Work to be completed: Go to the line below containing "Definition dopen (T" and print exactly from there through the line containing "forall F : nat", both included. Print nothing else.

Records to use:
┄┄┄┄┄┄┄┄┄┄

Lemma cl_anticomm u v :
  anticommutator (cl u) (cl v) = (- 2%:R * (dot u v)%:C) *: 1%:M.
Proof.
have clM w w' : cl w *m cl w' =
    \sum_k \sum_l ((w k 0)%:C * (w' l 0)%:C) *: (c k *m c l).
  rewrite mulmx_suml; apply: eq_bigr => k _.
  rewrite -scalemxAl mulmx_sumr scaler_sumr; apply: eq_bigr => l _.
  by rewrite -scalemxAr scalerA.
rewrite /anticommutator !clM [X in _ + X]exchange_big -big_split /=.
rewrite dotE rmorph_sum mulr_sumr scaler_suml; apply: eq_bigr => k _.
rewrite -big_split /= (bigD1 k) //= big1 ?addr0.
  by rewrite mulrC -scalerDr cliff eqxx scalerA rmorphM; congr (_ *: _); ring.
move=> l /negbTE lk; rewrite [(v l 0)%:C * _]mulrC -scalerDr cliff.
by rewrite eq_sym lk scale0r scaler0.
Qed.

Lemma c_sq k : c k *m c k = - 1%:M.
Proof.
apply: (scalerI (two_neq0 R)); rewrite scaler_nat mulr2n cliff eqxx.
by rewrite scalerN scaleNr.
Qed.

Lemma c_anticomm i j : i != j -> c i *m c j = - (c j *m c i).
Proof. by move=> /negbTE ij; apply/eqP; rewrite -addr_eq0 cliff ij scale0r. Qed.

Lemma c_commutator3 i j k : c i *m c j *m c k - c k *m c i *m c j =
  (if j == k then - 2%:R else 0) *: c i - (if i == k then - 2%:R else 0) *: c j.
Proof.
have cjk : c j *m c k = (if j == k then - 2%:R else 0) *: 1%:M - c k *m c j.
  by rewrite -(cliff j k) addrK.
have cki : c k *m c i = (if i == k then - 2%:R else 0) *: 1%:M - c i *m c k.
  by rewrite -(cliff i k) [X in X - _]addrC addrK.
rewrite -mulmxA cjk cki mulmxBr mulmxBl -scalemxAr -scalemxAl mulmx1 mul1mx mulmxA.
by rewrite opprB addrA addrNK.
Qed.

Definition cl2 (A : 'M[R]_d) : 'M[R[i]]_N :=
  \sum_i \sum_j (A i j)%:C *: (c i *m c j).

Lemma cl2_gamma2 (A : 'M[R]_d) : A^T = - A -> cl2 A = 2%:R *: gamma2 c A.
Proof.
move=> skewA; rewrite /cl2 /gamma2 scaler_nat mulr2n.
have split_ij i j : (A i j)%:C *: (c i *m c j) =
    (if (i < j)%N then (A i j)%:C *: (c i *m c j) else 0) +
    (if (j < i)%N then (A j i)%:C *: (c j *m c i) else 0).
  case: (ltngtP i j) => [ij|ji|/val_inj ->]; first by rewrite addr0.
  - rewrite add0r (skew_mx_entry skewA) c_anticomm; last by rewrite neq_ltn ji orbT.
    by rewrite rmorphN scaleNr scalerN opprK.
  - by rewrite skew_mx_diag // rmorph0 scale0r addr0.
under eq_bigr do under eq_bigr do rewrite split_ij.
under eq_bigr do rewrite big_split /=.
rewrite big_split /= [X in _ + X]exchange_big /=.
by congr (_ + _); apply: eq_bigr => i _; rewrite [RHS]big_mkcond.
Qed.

┄┄┄┄┄┄┄┄┄┄

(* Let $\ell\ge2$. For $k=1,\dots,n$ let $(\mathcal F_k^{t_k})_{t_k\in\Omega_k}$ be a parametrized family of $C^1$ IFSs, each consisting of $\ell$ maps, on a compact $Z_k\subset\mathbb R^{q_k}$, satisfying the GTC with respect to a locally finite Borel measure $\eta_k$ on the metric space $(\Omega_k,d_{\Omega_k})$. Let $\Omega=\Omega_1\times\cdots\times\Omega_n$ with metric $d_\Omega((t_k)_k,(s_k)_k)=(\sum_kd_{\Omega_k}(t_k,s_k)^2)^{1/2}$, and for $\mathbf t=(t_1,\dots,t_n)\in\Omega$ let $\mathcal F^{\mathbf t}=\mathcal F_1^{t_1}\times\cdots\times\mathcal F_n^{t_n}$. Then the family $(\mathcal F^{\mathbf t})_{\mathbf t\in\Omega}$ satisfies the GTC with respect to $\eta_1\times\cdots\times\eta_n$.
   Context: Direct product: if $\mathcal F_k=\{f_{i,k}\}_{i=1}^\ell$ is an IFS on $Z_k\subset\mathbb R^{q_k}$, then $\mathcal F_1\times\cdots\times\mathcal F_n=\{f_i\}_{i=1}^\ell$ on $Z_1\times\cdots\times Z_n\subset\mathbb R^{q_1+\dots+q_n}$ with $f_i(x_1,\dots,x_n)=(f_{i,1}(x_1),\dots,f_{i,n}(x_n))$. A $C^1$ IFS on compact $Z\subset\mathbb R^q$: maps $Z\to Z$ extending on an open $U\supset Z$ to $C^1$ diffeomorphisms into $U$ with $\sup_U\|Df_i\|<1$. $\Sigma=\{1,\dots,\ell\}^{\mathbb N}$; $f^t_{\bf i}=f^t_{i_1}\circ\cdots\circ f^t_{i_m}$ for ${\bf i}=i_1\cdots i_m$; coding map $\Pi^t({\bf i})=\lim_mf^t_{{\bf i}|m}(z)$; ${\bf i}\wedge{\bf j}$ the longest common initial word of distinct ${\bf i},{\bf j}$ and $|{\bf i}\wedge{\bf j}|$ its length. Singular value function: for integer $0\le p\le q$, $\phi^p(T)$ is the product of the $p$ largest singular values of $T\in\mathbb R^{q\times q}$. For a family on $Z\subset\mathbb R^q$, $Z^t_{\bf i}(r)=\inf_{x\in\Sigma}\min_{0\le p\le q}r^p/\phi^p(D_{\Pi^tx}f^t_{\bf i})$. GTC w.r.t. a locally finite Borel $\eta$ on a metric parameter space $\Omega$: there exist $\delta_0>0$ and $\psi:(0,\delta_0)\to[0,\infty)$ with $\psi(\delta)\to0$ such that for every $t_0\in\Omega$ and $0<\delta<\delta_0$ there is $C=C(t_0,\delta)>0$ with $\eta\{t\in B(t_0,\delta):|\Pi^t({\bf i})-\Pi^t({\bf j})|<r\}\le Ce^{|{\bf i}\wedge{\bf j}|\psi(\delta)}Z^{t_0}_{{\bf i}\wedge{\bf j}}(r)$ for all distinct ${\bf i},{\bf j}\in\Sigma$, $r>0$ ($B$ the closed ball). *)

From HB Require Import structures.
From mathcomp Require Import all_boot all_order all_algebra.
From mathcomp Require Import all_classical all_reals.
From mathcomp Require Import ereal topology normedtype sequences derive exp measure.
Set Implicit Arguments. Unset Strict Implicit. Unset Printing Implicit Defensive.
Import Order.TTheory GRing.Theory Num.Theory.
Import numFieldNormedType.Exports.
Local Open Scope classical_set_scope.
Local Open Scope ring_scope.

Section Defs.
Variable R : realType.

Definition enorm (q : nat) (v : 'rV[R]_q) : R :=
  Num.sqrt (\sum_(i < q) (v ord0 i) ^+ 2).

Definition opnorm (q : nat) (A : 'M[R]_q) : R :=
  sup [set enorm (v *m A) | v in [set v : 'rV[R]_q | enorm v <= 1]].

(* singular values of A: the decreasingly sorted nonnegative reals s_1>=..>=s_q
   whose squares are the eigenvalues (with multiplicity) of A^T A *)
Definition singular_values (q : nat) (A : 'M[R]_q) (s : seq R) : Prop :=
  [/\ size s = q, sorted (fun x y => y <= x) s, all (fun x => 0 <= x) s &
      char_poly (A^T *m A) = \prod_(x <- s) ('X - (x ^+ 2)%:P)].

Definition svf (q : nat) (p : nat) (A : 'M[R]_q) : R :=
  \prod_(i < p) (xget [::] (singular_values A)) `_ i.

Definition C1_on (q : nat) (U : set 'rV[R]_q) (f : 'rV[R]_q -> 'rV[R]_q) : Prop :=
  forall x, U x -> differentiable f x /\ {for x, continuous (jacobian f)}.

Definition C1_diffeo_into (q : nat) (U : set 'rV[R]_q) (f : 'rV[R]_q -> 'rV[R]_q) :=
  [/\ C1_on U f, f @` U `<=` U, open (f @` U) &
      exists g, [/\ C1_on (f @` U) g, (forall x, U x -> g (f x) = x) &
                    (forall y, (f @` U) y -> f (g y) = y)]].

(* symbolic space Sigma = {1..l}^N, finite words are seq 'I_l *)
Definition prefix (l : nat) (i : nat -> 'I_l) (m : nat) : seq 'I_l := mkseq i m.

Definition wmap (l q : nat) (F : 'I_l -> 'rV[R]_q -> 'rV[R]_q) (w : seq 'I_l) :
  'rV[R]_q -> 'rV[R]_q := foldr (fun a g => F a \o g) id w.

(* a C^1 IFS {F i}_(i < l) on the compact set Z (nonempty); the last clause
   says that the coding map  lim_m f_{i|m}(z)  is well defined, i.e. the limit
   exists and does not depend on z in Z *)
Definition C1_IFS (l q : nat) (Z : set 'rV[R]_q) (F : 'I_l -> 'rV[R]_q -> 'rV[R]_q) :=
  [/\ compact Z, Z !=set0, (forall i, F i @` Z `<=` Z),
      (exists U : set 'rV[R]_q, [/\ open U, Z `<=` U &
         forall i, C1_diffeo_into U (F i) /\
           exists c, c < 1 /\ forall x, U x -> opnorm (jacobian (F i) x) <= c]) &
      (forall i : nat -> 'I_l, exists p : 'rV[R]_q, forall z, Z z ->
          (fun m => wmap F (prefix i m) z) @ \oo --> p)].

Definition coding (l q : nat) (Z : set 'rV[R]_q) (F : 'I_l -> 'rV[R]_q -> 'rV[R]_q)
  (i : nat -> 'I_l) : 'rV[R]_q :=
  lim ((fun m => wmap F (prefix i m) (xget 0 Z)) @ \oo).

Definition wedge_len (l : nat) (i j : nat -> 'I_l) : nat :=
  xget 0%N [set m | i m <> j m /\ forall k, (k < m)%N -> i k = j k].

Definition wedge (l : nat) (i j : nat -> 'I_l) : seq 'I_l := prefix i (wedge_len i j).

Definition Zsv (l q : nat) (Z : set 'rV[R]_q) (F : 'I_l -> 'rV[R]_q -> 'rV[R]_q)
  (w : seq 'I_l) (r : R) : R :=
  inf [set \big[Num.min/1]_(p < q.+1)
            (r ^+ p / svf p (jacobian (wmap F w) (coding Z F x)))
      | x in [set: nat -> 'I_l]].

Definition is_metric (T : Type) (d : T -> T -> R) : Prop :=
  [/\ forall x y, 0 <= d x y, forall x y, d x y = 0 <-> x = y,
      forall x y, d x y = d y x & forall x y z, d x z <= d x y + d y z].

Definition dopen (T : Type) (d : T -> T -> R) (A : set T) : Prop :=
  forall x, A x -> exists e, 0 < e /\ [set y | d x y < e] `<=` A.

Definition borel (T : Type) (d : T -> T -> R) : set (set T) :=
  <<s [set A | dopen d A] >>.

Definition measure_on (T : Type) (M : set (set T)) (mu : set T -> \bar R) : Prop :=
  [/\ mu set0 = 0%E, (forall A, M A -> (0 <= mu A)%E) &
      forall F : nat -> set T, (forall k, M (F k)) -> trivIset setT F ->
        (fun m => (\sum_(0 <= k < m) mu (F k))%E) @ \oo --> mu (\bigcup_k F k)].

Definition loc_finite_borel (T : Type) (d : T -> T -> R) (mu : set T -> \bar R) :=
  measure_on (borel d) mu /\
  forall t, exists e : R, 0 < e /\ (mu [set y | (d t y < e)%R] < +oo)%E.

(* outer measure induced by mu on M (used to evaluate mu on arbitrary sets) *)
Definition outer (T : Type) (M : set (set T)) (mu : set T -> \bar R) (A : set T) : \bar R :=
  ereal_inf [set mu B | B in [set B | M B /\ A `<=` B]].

┄┄┄┄┄┄┄┄┄┄

Output for this exercise:
Definition dopen (T : Type) (d : T -> T -> R) (A : set T) : Prop :=
  forall x, A x -> exists e, 0 < e /\ [set y | d x y < e] `<=` A.

Definition borel (T : Type) (d : T -> T -> R) : set (set T) :=
  <<s [set A | dopen d A] >>.

Definition measure_on (T : Type) (M : set (set T)) (mu : set T -> \bar R) : Prop :=
  [/\ mu set0 = 0%E, (forall A, M A -> (0 <= mu A)%E) &
      forall F : nat -> set T, (forall k, M (F k)) -> trivIset setT F ->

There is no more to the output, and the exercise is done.